The USDJPY has resumed decline on Wednesday after Tuesday's closed the trading session in positive territory, recovering to 105.23. The increased demand for protective assets, which include the Japanese Yen, demonstrates a continuing nervousness on the financial markets, coupled with the spread of the epidemic coronavirus infection.
On the eve of the US currency was supported against the backdrop of US President Donald Trump's statements that he would ask Congress to reduce the payroll tax, and to take other necessary measures in order to offset the negative effects of the coronavirus outbreak in the United States. According to recent data, the number of cases in the US has already exceeded 1,000 people. It should be noted that Trump was able to calm the markets, but only for a short time. Today, market participants once again turned his attention to the prospect of further monetary easing by the Fed, the probability of which has increased significantly against the backdrop of yesterday's Trump calls for an immediate reduction in the Fed rates to near-zero levels, which is characteristic of the central banks of other countries in the Group of Seven.

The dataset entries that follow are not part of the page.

(* Assume the setting and Hypotheses (H1)--(H5) of the context. Define, for $V\in\mathcal{D}$ and $0\le\mu\le\mu_0$, \[ \hat F(V,\mu):=L_0V-\chi_1^*[V]\chi_0+\mu\left(L_1(\mu)V-\chi_0^*[L_1(\mu)V]\chi_0\right)+Q(V,\mu)-\chi_0^*[Q(V,\mu)]\chi_0 . \] Then $DJ_\mu(V)\hat F(V,\mu)=0$ for all $V\in\hat{\mathcal{D}}:=\{V\in\mathcal{D}:\chi_0^*[V]=0\}$.
   Context: Setting. $\mathcal{D}\subseteq\mathcal{X}$ are real Banach spaces with $\mathcal{D}$ continuously embedded in $\mathcal{X}$; spectral notions refer to the complexifications, with $L_0\in\mathcal{B}(\mathcal{D},\mathcal{X})$ regarded as an operator in $\mathcal{X}$ with domain $\mathcal{D}$; $\mu_0>0$. (H1) $F(U,\mu)=L_0U+\mu L_1(\mu)U+Q(U,\mu)$ with $L_0\in\mathcal{B}(\mathcal{D},\mathcal{X})$, and $L_1:[0,\mu_0]\to\mathcal{B}(\mathcal{D},\mathcal{X})$, $Q:\mathcal{X}\times[0,\mu_0]\to\mathcal{X}$ analytic, $Q(0,\mu)=0$, $D_UQ(0,\mu)=0$. (H2) $\mathcal{S}\in\mathcal{B}(\mathcal{X})$, $\mathcal{S}^2=I$, $\|\mathcal{S}\|=1$, $\mathcal{S}L_0=-L_0\mathcal{S}$, $\mathcal{S}L_1(\mu)=-L_1(\mu)\mathcal{S}$, $Q(\mathcal{S}U,\mu)=-\mathcal{S}Q(U,\mu)$ for $U\in\mathcal{D}$. (H3) For some $\omega>0$, $\sigma(L_0)\cap i\mathbb{R}=\{0,\pm i\omega\}$, all geometrically simple eigenvalues, $0$ of algebraic multiplicity $4$, $\pm i\omega$ of algebraic multiplicity $1$, and $|\mathrm{Re}\lambda|\ge\lambda_0>0$ for $\lambda\in\sigma(L_0)\setminus i\mathbb{R}$. (H4) The spectral projection of $L_0$ for the eigenvalue $0$ is $\Pi_0U=\sum_{k=0}^3\chi_k^*[U]\chi_k$ with $\chi_k\in\mathcal{D}$, $L_0\chi_0=0$, $L_0\chi_{k+1}=\chi_k$ ($k=0,1,2$), $\chi_k^*\in\mathcal{X}^*$; and (i) $L_1(\mu)\chi_0=0$, (ii) $Q(U+\gamma\chi_0,\mu)=Q(U,\mu)$ for $U\in\mathcal{D}$, $\gamma\in\mathbb{R}$, (iii) $\mathcal{S}\chi_k=(-1)^{k+1}\chi_k$. (H5) For each $\mu$, $J_\mu:\mathcal{X}\to\mathbb{R}$ with: $(U,\mu)\mapsto J_\mu(U)$ analytic; $DJ_\mu(U)F(U,\mu)=0$ for $U\in\mathcal{D}$; $J_\mu(\mathcal{S}U)=J_\mu(U)$; $J_0(0)=0$ and there is analytic $\mu\mapsto\mathscr{J}_*(\mu)\in\mathcal{X}^*$ with $J_\mu(U)-J_0(U)=\mu\mathscr{J}_*(\mu)U$ for $U\in\mathcal{D}$; $J_\mu(U+\gamma\chi_0)=J_\mu(U)$ for $U\in\mathcal{D}$, $\gamma\in\mathbb{R}$; $\chi_3^*[U]=DJ_0(0)U$. *)

From HB Require Import structures.
From mathcomp Require Import all_boot all_order all_algebra.
From mathcomp Require Import all_classical all_reals all_analysis.
Set Implicit Arguments. Unset Strict Implicit. Unset Printing Implicit Defensive.
Import Order.TTheory GRing.Theory Num.Theory.
Import numFieldNormedType.Exports.
Local Open Scope ring_scope.
Local Open Scope classical_set_scope.

Section Generic.
Variable R : realType.

Definition bounded_linear (V W : normedModType R) (f : V -> W) : Prop :=
  (forall (a : R) (u v : V), f (a *: u + v) = a *: f u + f v) /\
  exists C : R, forall u, `|f u| <= C * `|u|.

Definition opnorm_eq1 (V : normedModType R) (S : V -> V) : Prop :=
  (forall x, `|S x| <= `|x|) /\
  (forall C : R, (forall x, `|S x| <= C * `|x|) -> 1 <= C).

Definition multilinear (V W : normedModType R) (n : nat)
  (A : ('I_n -> V) -> W) : Prop :=
  forall (i : 'I_n) (h : 'I_n -> V) (a : R) (u v : V),
    A (fun j => if j == i then a *: u + v else h j) =
    a *: A (fun j => if j == i then u else h j) +
    A (fun j => if j == i then v else h j).

Definition analytic_at (V W : normedModType R) (f : V -> W) (x : V) : Prop :=
  exists (A : forall n : nat, ('I_n -> V) -> W) (C : nat -> R) (r : R),
    0 < r /\
    (forall n, multilinear (A n)) /\
    (forall n, 0 <= C n) /\
    (forall n (h : 'I_n -> V), `|A n h| <= C n * \prod_(i < n) `|h i|) /\
    cvgn (series (fun n => C n * r ^+ n)) /\
    (forall y : V, `|y - x| < r ->
       series (fun n => A n (fun _ => y - x)) @ \oo --> f y).

(* analytic on a set (f defined on the whole space; analyticity required at
   each point of A, i.e. f extends analytically to a neighbourhood of A) *)
Definition analytic_on (V W : normedModType R) (f : V -> W) (A : set V) :=
  forall x, A x -> analytic_at f x.

Definition op_analytic_at (V W : normedModType R) (T : R -> V -> W) (m : R) :=
  exists (B : nat -> V -> W) (c : nat -> R) (r : R),
    0 < r /\
    (forall n, (forall (a : R) (u v : V), B n (a *: u + v) = a *: B n u + B n v)
               /\ 0 <= c n /\ forall u, `|B n u| <= c n * `|u|) /\
    cvgn (series (fun n => c n * r ^+ n)) /\
    (forall t : R, `|t| < r -> forall eps : R, 0 < eps ->
       \forall N \near \oo, forall u : V,
         `|T (m + t) u - \sum_(0 <= n < N) (t ^+ n) *: B n u| <= eps * `|u|).

Definition op_analytic_on (V W : normedModType R) (T : R -> V -> W) (A : set R) :=
  forall m, A m -> op_analytic_at T m.

(* X_C is modelled as X * X (p = p.1 + i p.2), complex numbers as R * R. *)
Definition cscale (V : lmodType R) (c : R * R) (p : V * V) : V * V :=
  (c.1 *: p.1 - c.2 *: p.2, c.2 *: p.1 + c.1 *: p.2).

Definition cnorm (V : normedModType R) (p : V * V) : R := `|p.1| + `|p.2|.

Section Spectral.
Variables (D X : normedModType R) (iota : D -> X) (L : D -> X).

Definition iotaC (p : D * D) : X * X := (iota p.1, iota p.2).

(* (L - lambda) on the complexification, lambda = a + i b *)
Definition shiftC (a b : R) (p : D * D) : X * X :=
  (L p.1 - a *: iota p.1 + b *: iota p.2, L p.2 - b *: iota p.1 - a *: iota p.2).

Definition in_resolvent (a b : R) : Prop :=
  exists g : X * X -> D * D,
    cancel (shiftC a b) g /\ cancel g (shiftC a b) /\
    exists C : R, forall q, cnorm (iotaC (g q)) <= C * cnorm q.

Definition in_spectrum (a b : R) : Prop := ~ in_resolvent a b.

Definition is_eigenvalue (a b : R) : Prop :=
  exists p : D * D, p <> (0, 0) /\ shiftC a b p = (0, 0).

Definition geom_simple (a b : R) : Prop :=
  exists w : D * D, w <> (0, 0) /\ shiftC a b w = (0, 0) /\
    forall p, shiftC a b p = (0, 0) -> exists c, p = cscale c w.

(* p lies in ker (L - lambda)^k (all intermediate iterates in D_C) *)
Fixpoint gen_ker (a b : R) (k : nat) (p : D * D) : Prop :=
  match k with
  | 0%N => p = (0, 0)
  | k'.+1 => exists q : D * D, iotaC q = shiftC a b p /\ gen_ker a b k' q
  end.

Definition gen_eig (a b : R) (p : D * D) : Prop := exists k, gen_ker a b k p.

(* the spectral (Riesz) projection for lambda = a + i b: the bounded
   complex-linear projection onto the generalised eigenspace, commuting with
   L, along an L-invariant complement on which L - lambda is boundedly
   invertible *)
Definition spectral_proj (a b : R) (P : X * X -> X * X) : Prop :=
  (forall c p q, P (cscale c p + q) = cscale c (P p) + P q) /\
  (exists C : R, forall p, cnorm (P p) <= C * cnorm p) /\
  (forall p, P (P p) = P p) /\
  (forall q, (exists p, P p = q) <-> (exists d, iotaC d = q /\ gen_eig a b d)) /\
  (forall d : D * D, exists d' : D * D,
      iotaC d' = P (iotaC d) /\ shiftC a b d' = P (shiftC a b d)) /\
  (forall q, P q = (0, 0) ->
      exists d : D * D, P (iotaC d) = (0, 0) /\ shiftC a b d = q) /\
  (exists C : R, forall d : D * D, P (iotaC d) = (0, 0) ->
      cnorm (iotaC d) <= C * cnorm (shiftC a b d)).

Definition gen_eig_dim (a b : R) (m : nat) : Prop :=
  exists w : 'I_m -> D * D,
    (forall i, gen_eig a b (w i)) /\
    (forall d, gen_eig a b d ->
       exists c : 'I_m -> R * R, d = \sum_(i < m) cscale (c i) (w i)) /\
    (forall c : 'I_m -> R * R,
       \sum_(i < m) cscale (c i) (w i) = 0 -> forall i, c i = (0, 0)).

Definition alg_mult (a b : R) (m : nat) : Prop :=
  (exists P, spectral_proj a b P) /\ gen_eig_dim a b m.

End Spectral.

Definition Fhat (D X : normedModType R) (iota : D -> X) (L0 : D -> X)
  (L1 : R -> D -> X) (Q : X -> R -> X) (chi0 : D)
  (chi0s chi1s : X -> R) (V : D) (mu : R) : X :=
  L0 V - chi1s (iota V) *: iota chi0
  + mu *: (L1 mu V - chi0s (L1 mu V) *: iota chi0)
  + Q (iota V) mu - chi0s (Q (iota V) mu) *: iota chi0.

End Generic.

Thus, the current pressure on the dollar as the time and due to the likely easing in US monetary policy. Many analysts believe that the US regulator can go for additional rate cuts at 0.50% at the meeting of 17-18 March and again on 28-29 April. Such actions will be repeating the Fed's steps the Fed last week, when she went to the extraordinary easing for the first time since 2008, and eventually the target range of the interest rate ranges from 0% to 0.25%. This level was last seen in 2015.
In the course of the day, investors expect the publication of macroeconomic statistics from the US block on the dynamics of consumer prices. Analysts' forecasts suggest a decrease of indicators that could be another argument in favor of new monetary stimulus. Taking this into account, the USDJPY risks remain under pressure.